Now, you may be wondering why I dovetailed into an elaborate discussion of relatively minor differences in genre tropes. The reason is that Don’t Open Till Christmas is a boring and predictable movie and as a consequence I’m having more than my usual amount of trouble coming up with something interesting to say about it. The gimmick of the film is of course that the killer in murdering Santa Claus impersonators, but aside from that and the titular present it doesn’t do much with its yuletide theme. The film plays at being a mystery, but from the moment he enters its obvious that the unhinged Giles is the killer. The thudding attempts at misleading the audience into believing the killer is really Powell or Cliff or Harris are too heavy handed to sway anyone with a functional brain. The twist that Harris is his brother adds nothing and indeed creates problems with the plot. If Harris visits his brother at the asylum every month how was he unaware that Giles had escaped? If Giles had not escaped how in the world is he killing all these Santa Clauses?

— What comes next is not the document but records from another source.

Lemma pivot_transvection n (A : 'M[F]_n.+1) :
  \det A != 0 -> exists E : 'M_n.+1, [/\ \det E = 1, E 0 0 = 1 & (E *m A) 0 0 != 0].
Proof.
move=> detA_neq0; have [/eqP A00 | A00] := boolP (A 0 0 == 0); last first.
  by exists 1%:M; rewrite det1 mul1mx mxE eqxx.
have /existsP[i Ai0] : [exists i, A i 0 != 0].
  apply: contraR detA_neq0; rewrite negb_exists => /forallP A_0.
  rewrite (expand_det_col _ 0) big1 // => j _.
  by move/negPn/eqP: (A_0 j) => ->; rewrite mul0r.
have i_neq0 : ord0 != i by apply: contraNneq Ai0 => <-; rewrite A00.
exists (1%:M + delta_mx 0 i); split.
- apply: (det1D_nilpotent (q := 2)).
  by rewrite expr2 -mulmxE mul_delta_mx_0 // eq_sym.
- by rewrite !mxE eqxx (negbTE i_neq0) addr0.
rewrite mulmxDl mul1mx mxE A00 add0r mxE (bigD1 i) //= !mxE !eqxx mul1r big1 ?addr0 //.
by move=> j /negbTE ji; rewrite !mxE ji mul0r.
Qed.

Definition schur_pivot n (B : 'M[F]_n.+1) : 'M[F]_n :=
  \matrix_(i, j) (B (lift 0 i) (lift 0 j) - B (lift 0 i) 0 * (B 0 0)^-1 * B 0 (lift 0 j)).

Lemma det_schur_pivot n (B : 'M[F]_n.+1) :
  B 0 0 != 0 -> \det B = B 0 0 * \det (schur_pivot B).
Proof.
move=> B00; have lshift0 : lshift n (ord0 : 'I_1) = ord0 by apply: val_inj.
have rshift1 (i : 'I_n) : rshift 1 i = lift ord0 i by apply: val_inj.
have ulB : @ulsubmx _ 1 n 1 n B = (B 0 0)%:M.
  by apply/matrixP => i j; rewrite !mxE !ord1 lshift0.
have := @det_block_schur 1 n (@ulsubmx _ 1 n 1 n B) (@ursubmx _ 1 n 1 n B)
  (@dlsubmx _ 1 n 1 n B) (@drsubmx _ 1 n 1 n B).
rewrite submxK => ->; last by rewrite ulB unitmxE det_scalar expr1 unitfE.
rewrite ulB invmx_scalar det_scalar expr1; congr (_ * \det _).
by apply/matrixP => i j; rewrite !(mxE, big_ord1) !rshift1 !lshift0 eqxx mulr1n.
Qed.

End FieldMatrices.

Section Spans.
Variables (F : fieldType) (V : lmodType F) (phi : V -> V).
Hypothesis phiD : {morph phi : u v / u + v}.
Hypothesis phiZ : forall (a : F) u, phi (a *: u) = a *: phi u.

Local Notation sc := (fun (a : F) (v : V) => a *: v).

Definition lincomb n (b : 'I_n -> V) (x : 'rV[F]_n) : V := \sum_i x 0 i *: b i.

Lemma in_spanP n (b : 'I_n -> V) v : in_span sc b v <-> exists x, v = lincomb b x.
Proof.
split=> [[c ->] | [x ->]]; last by exists (x 0).
by exists (\row_i c i); apply: eq_bigr => i _; rewrite mxE.
Qed.

Lemma lincomb0 n (b : 'I_n -> V) : lincomb b 0 = 0.
Proof. by rewrite /lincomb big1 // => i _; rewrite mxE scale0r. Qed.

Lemma lincombB n (b : 'I_n -> V) x y : lincomb b (x - y) = lincomb b x - lincomb b y.
Proof. by rewrite /lincomb -sumrB; apply: eq_bigr => i _; rewrite !mxE scalerBl. Qed.

Lemma lincomb_row1 n (b : 'I_n -> V) i : lincomb b (row i 1%:M) = b i.
Proof.
rewrite /lincomb (bigD1 i) //= big1 => [|j /negbTE ji].
  by rewrite !mxE eqxx scale1r addr0.
by rewrite !mxE eq_sym ji scale0r.
Qed.

Lemma free_famP n (b : 'I_n -> V) :
  free_fam sc b <-> forall x, lincomb b x = 0 -> x = 0.
Proof.
split=> [b_free x bx0 | b_inj c bc0 i].
  by apply/rowP => i; rewrite mxE (b_free (x 0)) // ord1.
have /rowP/(_ i) : \row_j c j = 0.
  by apply: b_inj; rewrite -[RHS]bc0; apply: eq_bigr => j _; rewrite mxE.
by rewrite !mxE.
Qed.

Lemma lincomb_inj n (b : 'I_n -> V) : free_fam sc b -> injective (lincomb b).
Proof.
move/free_famP=> b_free x y bxy; apply/eqP; rewrite -subr_eq0; apply/eqP.
by apply: b_free; rewrite lincombB bxy subrr.
Qed.

Lemma lincomb_mulmx n r (b : 'I_n -> V) (c : 'I_r -> V) (C : 'M[F]_(r, n)) x :
  (forall j, c j = lincomb b (row j C)) -> lincomb c x = lincomb b (x *m C).
Proof.
move=> cC; rewrite /lincomb; under eq_bigr => j _ do rewrite cC /lincomb scaler_sumr.
rewrite exchange_big /=; apply: eq_bigr => i _; rewrite mxE scaler_suml.
by apply: eq_bigr => j _; rewrite scalerA !mxE.
Qed.

Lemma phi0 : phi 0 = 0.
Proof. by rewrite -(scale0r 0) phiZ !scale0r. Qed.

Lemma phi_lincomb n (b : 'I_n -> V) x :
  phi (lincomb b x) = lincomb (fun i => phi (b i)) x.
Proof.
rewrite /lincomb (big_morph phi phiD phi0).
by apply: eq_bigr => i _; rewrite phiZ.
Qed.

Lemma iter_phi_lincomb m n (b : 'I_n -> V) x :
  iter m phi (lincomb b x) = lincomb (fun i => iter m phi (b i)) x.
Proof. by elim: m => //= m ->; rewrite phi_lincomb. Qed.

Section StableFamily.
Variables (n : nat) (b : 'I_n -> V) (M : 'M[F]_n).
Hypothesis phi_b : forall j, phi (b j) = lincomb b (row j M).

Lemma phi_lincomb_mx x : phi (lincomb b x) = lincomb b (x *m M).
Proof. by rewrite phi_lincomb; apply: lincomb_mulmx. Qed.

The film does do an excellent job of capturing a seedy urban underbelly, filled with dark allies and cheap sex. The killer’s two disguises are uncommonly good, the first looks like a half rotten face and the second is a simple, yet creepy mask that evokes memories of Four Grays Flies on Velvet. The first murder that is actually related to the plot is handled very well and is sufficiently grotesque to linger in one’s memory. However, these captivating images are adrift in a boring police procedural and cannot carry the film on their own.